Tuesday, December 17 2013

Fedora package build history

Recently I have been thinking about a way to do mass-rebuild but only of packages that have not been built in a while (since the last release?).

At the moment, we only do mass-rebuild when there is a specific need to, for example a new version of GCC.

This is a very specific process which is ran over multiple days and just rebuilds all the packages. As a results, some packages that are of very low maintenance may just seat around, un-touched until the next mass-rebuild.

I was wondering if we could not simply take all the packages on rawhide and run, say once a month (or once a week, every day?), check when their last successfull build was and if older than X (to be defined), do a simple scratch build of the package. We could query koji or fedmsg via datagrepper to get the date of the last successful build of the package.

So technically it is duable, in theory it makes sense but the question is, in practice does it?

The first check to assess this is simply looking at the distribution last successfull dates of the packages.

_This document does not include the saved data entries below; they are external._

(* Let $N=2^L$ ($L\ge1$), channel numbers $r_0,\dots,r_{L-1}\ge1$, an output index $y$, and pairwise distinct covering templates $\mathbf x^{(1)},\dots,\mathbf x^{(M)}\in\mathbb R^s$ be given. Suppose all parameters of the deep ConvNet with ReLU activation, max pooling and weight sharing (representation parameters $\theta_1,\dots,\theta_M\in\Theta$ and the shared linear weights) are drawn from a distribution with a continuous, nowhere-vanishing probability density function. Then with positive probability the resulting score function $h^D_y$ can be realized by a shallow ConvNet with ReLU activation and max pooling (not limited by weight sharing) having a single hidden channel ($Z=1$), i.e. there exist $f_{\tilde\theta_1},\dots,f_{\tilde\theta_M}\in\mathcal F$ and weights for this shallow ConvNet with $\mathcal A(h^S_y)=\mathcal A(h^D_y)$.
   Context: Inputs are $X=(\mathbf x_1,\dots,\mathbf x_N)\in(\mathbb R^s)^N$. Representation functions come from a family $\mathcal F=\{f_\theta:\mathbb R^s\to\mathbb R:\theta\in\Theta\}$, $\Theta$ an open subset of a Euclidean space, assumed throughout to satisfy: (continuity) $f_\theta(\mathbf x)$ continuous in $\theta$ and $\mathbf x$; (non-degeneracy) for any pairwise distinct $\mathbf x^{(1)},\dots,\mathbf x^{(M)}$ there exist $f_{\theta_1},\dots,f_{\theta_M}\in\mathcal F$ with $(f_{\theta_d}(\mathbf x^{(i)}))_{i,d}$ non-singular. ReLU activation with max pooling: $\sigma(z)=\max\{0,z\}$, $P=\max$. Shallow ConvNet ($Z$ hidden channels, unshared): $h^S_y(X)=\sum_{z=1}^Z a^y_z\,P_{i\in[N]}\big(\sigma(\sum_{d=1}^M a^{z,i}_d f_{\theta_d}(\mathbf x_i))\big)$, $\mathbf a^{z,i}\in\mathbb R^M$, $\mathbf a^y\in\mathbb R^Z$. Deep ConvNet with weight sharing: with $f_{\theta_d}\in\mathcal F$ and weights $\mathbf a^{0,\gamma}\in\mathbb R^M$ ($\gamma\in[r_0]$), $\mathbf a^{l,\gamma}\in\mathbb R^{r_{l-1}}$ ($l\in[L-1]$, $\gamma\in[r_l]$), $\mathbf a^{L,y}\in\mathbb R^{r_{L-1}}$: $u^0_{j,\gamma}=\sigma(\sum_d a^{0,\gamma}_d f_{\theta_d}(\mathbf x_j))$; for $l=0,\dots,L-1$, $v^l_{j,\gamma}=P(u^l_{2j-1,\gamma},u^l_{2j,\gamma})$ ($j\in[N/2^{l+1}]$), for $l\ge1$, $u^l_{j,\gamma}=\sigma(\sum_\alpha a^{l,\gamma}_\alpha v^{l-1}_{j,\alpha})$ ($j\in[N/2^l]$); $h^D_y(X)=\sum_\alpha a^{L,y}_\alpha v^{L-1}_{1,\alpha}$. Grid tensor: $\mathcal A(h)_{d_1,\dots,d_N}=h(\mathbf x^{(d_1)},\dots,\mathbf x^{(d_N)})$. Templates are covering if score functions are identified whenever their grid tensors coincide. *)

From mathcomp Require Import all_boot all_order all_algebra.
From mathcomp Require Import all_classical all_reals all_analysis.
Import numFieldNormedType.Exports.
Import Order.TTheory GRing.Theory Num.Theory.

Set Implicit Arguments.
Unset Strict Implicit.
Unset Printing Implicit Defensive.

Local Open Scope ring_scope.
Local Open Scope classical_set_scope.

Section ConvNets.
Context {R : realType}.

Definition relu (z : R) : R := Num.max 0 z.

So I wrote a small script querying the packagedb to get the list of all the packages and then queries datagrepper to retrieve the date of the last successful build. The number of days between this date and today is then computed and the output provides the number of packages that have been rebuild on each day.

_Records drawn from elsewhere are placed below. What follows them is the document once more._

(* For all $\sigma\in\Sigma_k$, $\tau\in\Sigma_l$ and $\epsilon\in Sh(k,l)$, the element $\epsilon^{-1}.(\mathbb T^\sigma\mathbb T^\tau)$ lies in $\mathbf H_{ho}$ and $$\epsilon^{-1}.(\mathbb T^\sigma\,\mathbb T^\tau)=\sum_{\zeta\in Sh(k,l)}\mathbb T^{\zeta^{-1}\circ(\sigma\otimes\tau)\circ\epsilon}.$$
   Context: A rooted forest is a finite graph each of whose components is a tree with a distinguished root; edges are oriented towards the roots, and $v\twoheadrightarrow w$ means there is an oriented path from $v$ to $w\ne v$. An ordered forest with $n$ vertices is a rooted forest with a total order on the vertices, identifying them with $\{1,\dots,n\}$; it is heap-ordered if $i\twoheadrightarrow j\Rightarrow i>j$. $\mathbf H_o$ (resp. $\mathbf H_{ho}$) is the vector space with basis ordered (resp. heap-ordered) forests, with product $\mathbb F\mathbb G$ = disjoint union where the vertices of $\mathbb G$ are shifted by the number of vertices of $\mathbb F$, and coproduct by admissible cuts $\Delta(\mathbb F)=\sum_{\vec v}\mathrm{Roo}_{\vec v}\mathbb F\otimes\mathrm{Lea}_{\vec v}\mathbb F$ ($\vec v$ a possibly empty set of pairwise $\twoheadrightarrow$-incomparable vertices; $\mathrm{Lea}_{\vec v}\mathbb F$ the subforest on $\vec v$ and all $w$ with $w\twoheadrightarrow v$ for some $v\in\vec v$; $\mathrm{Roo}_{\vec v}\mathbb F$ the subforest on the rest; orders restricted). For $\pi\in\Sigma_n$, $\pi.\mathbb F$ is the ordered forest with the same underlying rooted forest in which vertex $i$ is relabeled $\pi(i)$, extended linearly to the degree-$n$ part of $\mathbf H_o$. $(\sigma\circ\tau)(i)=\sigma(\tau(i))$; $(\sigma\otimes\tau)(i)=\sigma(i)$ for $i\le k$, $k+\tau(i-k)$ for $i>k$; $Sh(k,l)=\{\zeta\in\Sigma_{k+l}:\zeta^{-1}(1)<\dots<\zeta^{-1}(k),\ \zeta^{-1}(k+1)<\dots<\zeta^{-1}(k+l)\}$. $\mathbf{FQSym}$ has basis $\bigsqcup_n\Sigma_n$, product $\sigma\cdot\tau=\sum_{\epsilon\in Sh(k,l)}(\sigma\otimes\tau)\circ\epsilon$, coproduct $\Delta(\sigma)=\sum_k\sigma_1^{(k)}\otimes\sigma_2^{(k)}$ (standardizations of prefix and suffix of the word of $\sigma$). $S_{\mathbb F}=\{\sigma\in\Sigma_n:i\twoheadrightarrow j\Rightarrow\sigma^{-1}(i)>\sigma^{-1}(j)\}$, $\Theta(\mathbb F)=\sum_{\sigma\in S_{\mathbb F}}\sigma$; the restriction of $\Theta$ to $\mathbf H_{ho}$ is a Hopf algebra isomorphism onto $\mathbf{FQSym}$. For $\sigma\in\Sigma_n$, $\mathbb T^\sigma$ is the unique element of $\mathbf H_{ho}$ with $\Theta(\mathbb T^\sigma)=\sigma^{-1}$. *)

From HB Require Import structures.
From mathcomp Require Import all_boot all_order all_algebra all_fingroup.
From Stdlib Require Import ClassicalEpsilon.
Set Implicit Arguments. Unset Strict Implicit. Unset Printing Implicit Defensive.
Import GRing.Theory.
Local Open Scope ring_scope.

Graphically it looks like this: On the X axis is presented the number of packages built on that day, on the Y axis is how many days ago that day was.


Converted to a log scale, we get: On the X axis is a log of the number of packages built on that day, on the Y axis is how many days ago that day was.

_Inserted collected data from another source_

(* Consider the grid and the operator $Q_{i,j}$ described in the context, fix a species index $l$ with valence $q^l\in\mathbb{R}$, a time step $\Delta t^{n+1}>0$, and a real grid function $\psi^{n+1}=(\psi^{n+1}_{i,j})$, and set $S^{l,n+1}_{i,j}=q^l\psi^{n+1}_{i,j}$. Suppose $c^{l,n}_{i,j}>0$ for all $1\le i\le N_x$, $1\le j\le N_y$, and that $c^{l,n+1}$ satisfies the backward Euler scheme $$h^x_ih^y_j\,\frac{c^{l,n+1}_{i,j}-c^{l,n}_{i,j}}{\Delta t^{n+1}}=Q_{i,j}(c^{l,n+1},S^{l,n+1})\qquad(1\le i\le N_x,\ 1\le j\le N_y).$$ Then $c^{l,n+1}_{i,j}>0$ for all $1\le i\le N_x$, $1\le j\le N_y$.
   Context: Grid on $\Omega=[a,b]\times[c,d]$: $a=x_{1/2}<x_{3/2}<\dots<x_{N_x+1/2}=b$, $c=y_{1/2}<\dots<y_{N_y+1/2}=d$; $x_i=(x_{i-1/2}+x_{i+1/2})/2$, $y_j=(y_{j-1/2}+y_{j+1/2})/2$; $h^x_i=x_{i+1/2}-x_{i-1/2}$, $h^y_j=y_{j+1/2}-y_{j-1/2}$; $h^x_{i+1/2}=x_{i+1}-x_i$ ($1\le i\le N_x-1$), $h^y_{j+1/2}=y_{j+1}-y_j$ ($1\le j\le N_y-1$). For grid functions $c,S$ define fluxes $\widehat g_{x,i+1/2,j}=\frac{c_{i+1,j}e^{S_{i+1,j}}-c_{i,j}e^{S_{i,j}}}{h^x_{i+1/2}}$ ($1\le i\le N_x-1$), $\widehat g_{y,i,j+1/2}=\frac{c_{i,j+1}e^{S_{i,j+1}}-c_{i,j}e^{S_{i,j}}}{h^y_{j+1/2}}$ ($1\le j\le N_y-1$), with zero-flux boundary values $\widehat g_{x,1/2,j}=\widehat g_{x,N_x+1/2,j}=\widehat g_{y,i,1/2}=\widehat g_{y,i,N_y+1/2}=0$; harmonic means $e^{-S_{i+1/2,j}}:=\frac{2e^{-S_{i+1,j}}e^{-S_{i,j}}}{e^{-S_{i+1,j}}+e^{-S_{i,j}}}$, $e^{-S_{i,j+1/2}}:=\frac{2e^{-S_{i,j+1}}e^{-S_{i,j}}}{e^{-S_{i,j+1}}+e^{-S_{i,j}}}$ (irrelevant at boundary half-indices, where fluxes vanish); and $$Q_{i,j}(c,S)=h^y_j\big(e^{-S_{i+1/2,j}}\widehat g_{x,i+1/2,j}-e^{-S_{i-1/2,j}}\widehat g_{x,i-1/2,j}\big)+h^x_i\big(e^{-S_{i,j+1/2}}\widehat g_{y,i,j+1/2}-e^{-S_{i,j-1/2}}\widehat g_{y,i,j-1/2}\big).$$ This is a discretization of the Nernst--Planck equation $\partial_tc^l=\nabla\cdot(e^{-q^l\psi}\nabla(c^le^{q^l\psi}))$ with zero-flux boundary conditions; in the full method $\psi^{n+1}$ is coupled to the concentrations through a discretized Poisson equation, here it is an arbitrary given grid function. *)

From Stdlib Require Import Reals.
Open Scope R_scope.

(* Grid conventions (1-based cells, as in the paper):
   xf k = x_{k+1/2} for 0 <= k <= Nx  (so xf 0 = a, xf Nx = b),
   yf k = y_{k+1/2} for 0 <= k <= Ny.
   Grid functions are maps nat -> nat -> R, only used at 1<=i<=Nx, 1<=j<=Ny. *)

Definition strictly_increasing_on (f : nat -> R) (N : nat) : Prop :=
  forall k, (k < N)%nat -> f k < f (S k).

Definition center (f : nat -> R) (i : nat) : R := (f (i - 1)%nat + f i) / 2.
Definition hcell (f : nat -> R) (i : nat) : R := f i - f (i - 1)%nat.
(* dual width h_{i+1/2} = x_{i+1} - x_i *)
Definition hdual (f : nat -> R) (i : nat) : R := center f (S i) - center f i.

Definition hmean (s1 s2 : R) : R :=
  2 * exp (- s1) * exp (- s2) / (exp (- s1) + exp (- s2)).

Definition gx (xf : nat -> R) (Nx : nat) (c s : nat -> nat -> R) (k j : nat) : R :=
  if ((1 <=? k) && (k <=? Nx - 1))%bool then
    (c (S k) j * exp (s (S k) j) - c k j * exp (s k j)) / hdual xf k
  else 0.

Definition gy (yf : nat -> R) (Ny : nat) (c s : nat -> nat -> R) (i k : nat) : R :=
  if ((1 <=? k) && (k <=? Ny - 1))%bool then
    (c i (S k) * exp (s i (S k)) - c i k * exp (s i k)) / hdual yf k
  else 0.

(* e^{-S_{k+1/2,j}} * ghat_{x,k+1/2,j}  (harmonic mean irrelevant where flux = 0) *)
Definition Fx xf Nx (c s : nat -> nat -> R) (k j : nat) : R :=
  hmean (s (S k) j) (s k j) * gx xf Nx c s k j.
Definition Fy yf Ny (c s : nat -> nat -> R) (i k : nat) : R :=
  hmean (s i (S k)) (s i k) * gy yf Ny c s i k.

Definition Q (xf yf : nat -> R) (Nx Ny : nat) (c s : nat -> nat -> R) (i j : nat) : R :=
  hcell yf j * (Fx xf Nx c s i j - Fx xf Nx c s (i - 1)%nat j)
  + hcell xf i * (Fy yf Ny c s i j - Fy yf Ny c s i (j - 1)%nat).

(* Discrete minimum principle for the Slotboom variable u = c e^S.  Each flux
   e^{-S} ĝ is a nonnegative multiple of a difference of neighbouring values of u,
   so at a cell where u^{n+1} is minimal all outgoing fluxes are nonnegative and all
   incoming ones nonpositive, i.e. Q >= 0 there.  The scheme then gives
   c^{n+1} >= c^n > 0 at that cell, so the minimum of u^{n+1} is positive and,
   since e^S > 0, so is c^{n+1} everywhere. *)
From Stdlib Require Import Reals Lra Lia List.
Open Scope R_scope.

Lemma strictly_increasing_on_pred (f : nat -> R) (N k : nat) :
  strictly_increasing_on f N -> (1 <= k <= N)%nat -> f (k - 1)%nat < f k.
Proof.
  intros Hf Hk. replace k with (S (k - 1)) at 2 by lia. apply Hf; lia.
Qed.

Lemma hcell_pos (f : nat -> R) (N k : nat) :
  strictly_increasing_on f N -> (1 <= k <= N)%nat -> 0 < hcell f k.
Proof.
  intros Hf Hk. pose proof (strictly_increasing_on_pred f N k Hf Hk).
  unfold hcell. lra.
Qed.

Lemma hdual_pos (f : nat -> R) (N k : nat) :
  strictly_increasing_on f N -> (1 <= k <= N - 1)%nat -> 0 < hdual f k.
Proof.
  intros Hf Hk.
  pose proof (strictly_increasing_on_pred f N k Hf ltac:(lia)) as Hl.
  assert (Hr : f k < f (S k)) by (apply Hf; lia).
  unfold hdual, center. replace (S k - 1)%nat with k by lia. lra.
Qed.

Lemma hmean_pos (s1 s2 : R) : 0 < hmean s1 s2.
Proof.
  pose proof (exp_pos (- s1)). pose proof (exp_pos (- s2)).
  unfold hmean, Rdiv. apply Rmult_lt_0_compat.
  - apply Rmult_lt_0_compat; lra.
  - apply Rinv_0_lt_compat; lra.
Qed.

Definition slotboom (c s : nat -> nat -> R) (i j : nat) : R := c i j * exp (s i j).

Lemma slotboom_pos (c s : nat -> nat -> R) (i j : nat) :
  0 < slotboom c s i j <-> 0 < c i j.
Proof.
  pose proof (exp_pos (s i j)). unfold slotboom. split; intros Hpos.
  - destruct (Rle_dec (c i j) 0); [nra | lra].
  - now apply Rmult_lt_0_compat.
Qed.

Lemma Fx_boundary (xf : nat -> R) (Nx : nat) (c s : nat -> nat -> R) (k j : nat) :
  ~ (1 <= k <= Nx - 1)%nat -> Fx xf Nx c s k j = 0.
Proof.
  intros Hk. unfold Fx, gx.
  destruct ((1 <=? k) && (k <=? Nx - 1))%bool eqn:E.
  - apply andb_prop in E as [E1 E2]. apply Nat.leb_le in E1, E2. lia.
  - apply Rmult_0_r.
Qed.

Lemma Fx_interior (xf : nat -> R) (Nx : nat) (c s : nat -> nat -> R) (k j : nat) :
  strictly_increasing_on xf Nx -> (1 <= k <= Nx - 1)%nat ->
  exists w, 0 < w /\
    Fx xf Nx c s k j = w * (slotboom c s (S k) j - slotboom c s k j).
Proof.
  intros Hxf Hk.
  exists (hmean (s (S k) j) (s k j) / hdual xf k). split.
  - apply Rdiv_lt_0_compat; [apply hmean_pos | exact (hdual_pos xf Nx k Hxf Hk)].
  - pose proof (hdual_pos xf Nx k Hxf Hk).
    unfold Fx, gx, slotboom.
    replace ((1 <=? k) && (k <=? Nx - 1))%bool with true
      by (symmetry; apply andb_true_intro; split; apply Nat.leb_le; lia).
    field. lra.
Qed.

Lemma Fx_sign_at_min (xf : nat -> R) (Nx : nat) (c s : nat -> nat -> R) (i j : nat) :
  strictly_increasing_on xf Nx ->
  (forall k, (1 <= k <= Nx)%nat -> slotboom c s i j <= slotboom c s k j) ->
  Fx xf Nx c s (i - 1)%nat j <= 0 <= Fx xf Nx c s i j.
Proof.
  intros Hxf Hmin. split.
  - destruct (ltac:(lia) : (1 <= i - 1 <= Nx - 1)%nat \/ ~ (1 <= i - 1 <= Nx - 1)%nat)
      as [Hi | Hi]; [| rewrite Fx_boundary by exact Hi; lra].
    destruct (Fx_interior xf Nx c s (i - 1) j Hxf Hi) as [w [Hw ->]].
    replace (S (i - 1)) with i by lia.
    assert (slotboom c s i j <= slotboom c s (i - 1) j) by (apply Hmin; lia).
    nra.
  - destruct (ltac:(lia) : (1 <= i <= Nx - 1)%nat \/ ~ (1 <= i <= Nx - 1)%nat)
      as [Hi | Hi]; [| rewrite Fx_boundary by exact Hi; lra].
    destruct (Fx_interior xf Nx c s i j Hxf Hi) as [w [Hw ->]].
    assert (slotboom c s i j <= slotboom c s (S i) j) by (apply Hmin; lia).
    nra.
Qed.

Lemma Fy_as_Fx (yf : nat -> R) (Ny : nat) (c s : nat -> nat -> R) (i k : nat) :
  Fy yf Ny c s i k = Fx yf Ny (fun k _ => c i k) (fun k _ => s i k) k i.
Proof. reflexivity. Qed.

Lemma Fy_sign_at_min (yf : nat -> R) (Ny : nat) (c s : nat -> nat -> R) (i j : nat) :
  strictly_increasing_on yf Ny ->
  (forall k, (1 <= k <= Ny)%nat -> slotboom c s i j <= slotboom c s i k) ->
  Fy yf Ny c s i (j - 1)%nat <= 0 <= Fy yf Ny c s i j.
Proof.
  intros Hyf Hmin. rewrite !Fy_as_Fx. exact (Fx_sign_at_min yf Ny _ _ j i Hyf Hmin).
Qed.

Lemma Q_nonneg_at_min (xf yf : nat -> R) (Nx Ny : nat) (c s : nat -> nat -> R) (a b : nat) :
  strictly_increasing_on xf Nx -> strictly_increasing_on yf Ny ->
  (1 <= a <= Nx)%nat -> (1 <= b <= Ny)%nat ->
  (forall i j, (1 <= i <= Nx)%nat -> (1 <= j <= Ny)%nat ->
     slotboom c s a b <= slotboom c s i j) ->
  0 <= Q xf yf Nx Ny c s a b.
Proof.
  intros Hxf Hyf Ha Hb Hmin.
  pose proof (Fx_sign_at_min xf Nx c s a b Hxf (fun k Hk => Hmin k b Hk Hb)).
  pose proof (Fy_sign_at_min yf Ny c s a b Hyf (fun k Hk => Hmin a k Ha Hk)).
  pose proof (hcell_pos xf Nx a Hxf Ha). pose proof (hcell_pos yf Ny b Hyf Hb).
  unfold Q. apply Rplus_le_le_0_compat; apply Rmult_le_pos; lra.
Qed.

Lemma exists_argmin_cons {A : Type} (f : A -> R) (l : list A) (a : A) :
  exists x, In x (a :: l) /\ forall y, In y (a :: l) -> f x <= f y.
Proof.
  revert a. induction l as [| b l IH]; intros a.
  - exists a. split; [now left |]. intros y [<- | []]. lra.
  - destruct (IH b) as [x [Hx Hmin]].
    destruct (Rle_dec (f a) (f x)).
    + exists a. split; [now left |]. intros y [<- | Hy]; [lra |].
      specialize (Hmin y Hy). lra.
    + exists x. split; [now right |]. intros y [<- | Hy]; [lra |]. now apply Hmin.
Qed.

Lemma exists_argmin_grid (f : nat -> nat -> R) (N M : nat) :
  (1 <= N)%nat -> (1 <= M)%nat ->
  exists a b, (1 <= a <= N)%nat /\ (1 <= b <= M)%nat /\
    forall i j, (1 <= i <= N)%nat -> (1 <= j <= M)%nat -> f a b <= f i j.
Proof.
  intros HN HM.
  assert (Hgrid : forall i j,
    In (i, j) (list_prod (seq 1 N) (seq 1 M)) <-> (1 <= i <= N)%nat /\ (1 <= j <= M)%nat).
  { intros i j. rewrite in_prod_iff, !in_seq. lia. }
  destruct (list_prod (seq 1 N) (seq 1 M)) as [| p l] eqn:E.
  { exfalso. apply (proj2 (Hgrid 1%nat 1%nat)). lia. }
  destruct (exists_argmin_cons (fun p => f (fst p) (snd p)) l p)
    as [[a b] [Hab Hmin]].
  exists a, b. apply Hgrid in Hab as [Ha Hb]. repeat split; try lia.
  intros i j Hi Hj. exact (Hmin (i, j) (proj2 (Hgrid i j) (conj Hi Hj))).
Qed.

Lemma le_of_implicit_step (h dt c0 c1 r : R) :
  0 < h -> 0 < dt -> h * ((c1 - c0) / dt) = r -> 0 <= r -> c0 <= c1.
Proof.
  intros Hh Hdt Hstep Hr.
  assert (Hquot : 0 <= (c1 - c0) / dt).
  { apply (Rmult_le_reg_l h); [exact Hh |]. now rewrite Rmult_0_r, Hstep. }
  assert (Hdiff : 0 <= (c1 - c0) / dt * dt) by (apply Rmult_le_pos; lra).
  replace ((c1 - c0) / dt * dt) with (c1 - c0) in Hdiff by (field; lra).
  lra.
Qed.

Theorem theorem3 (Nx Ny : nat) (xf yf : nat -> R)
  (hNx : (1 <= Nx)%nat) (hNy : (1 <= Ny)%nat)
  (hxf : strictly_increasing_on xf Nx) (hyf : strictly_increasing_on yf Ny)
  (q dt : R) (hdt : 0 < dt) (psi cn cn1 : nat -> nat -> R) :
  (forall i j, (1 <= i <= Nx)%nat -> (1 <= j <= Ny)%nat -> 0 < cn i j) ->
  (forall i j, (1 <= i <= Nx)%nat -> (1 <= j <= Ny)%nat ->
     hcell xf i * hcell yf j * ((cn1 i j - cn i j) / dt)
     = Q xf yf Nx Ny cn1 (fun i j => q * psi i j) i j) ->
  forall i j, (1 <= i <= Nx)%nat -> (1 <= j <= Ny)%nat -> 0 < cn1 i j.
Proof.
  intros Hpos Hscheme i j Hi Hj.
  set (s := fun i j => q * psi i j) in *.
  destruct (exists_argmin_grid (slotboom cn1 s) Nx Ny hNx hNy)
    as [a [b [Ha [Hb Hmin]]]].
  assert (Hvol : 0 < hcell xf a * hcell yf b).
  { apply Rmult_lt_0_compat;
      [exact (hcell_pos xf Nx a hxf Ha) | exact (hcell_pos yf Ny b hyf Hb)]. }
  assert (Hgrow : cn a b <= cn1 a b).
  { apply (le_of_implicit_step _ dt _ _ _ Hvol hdt (Hscheme a b Ha Hb)).
    exact (Q_nonneg_at_min xf yf Nx Ny cn1 s a b hxf hyf Ha Hb Hmin). }
  assert (Hmin_pos : 0 < slotboom cn1 s a b).
  { apply slotboom_pos. pose proof (Hpos a b Ha Hb). lra. }
  apply (slotboom_pos cn1 s i j).
  pose proof (Hmin i j Hi Hj). lra.
Qed.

To provide some more statistics:

  • 14397 packages were checked
  • 49 packages were built yesterday (day 0, when the data was gathered),
  • 1 package has not been successfully built since 271 days ago
  • 66 packages have not been sucessfully re-built for 200 days or more
  • 11418 packages have not been sucessfully re-built for 100 days or more
  • The two peaks that can be seen are from 132 and 133 days ago (last mass-rebuild?)

Is this something worth persuing? Should we automatically re-build packages after a while and report in case the build fails?

What do you think?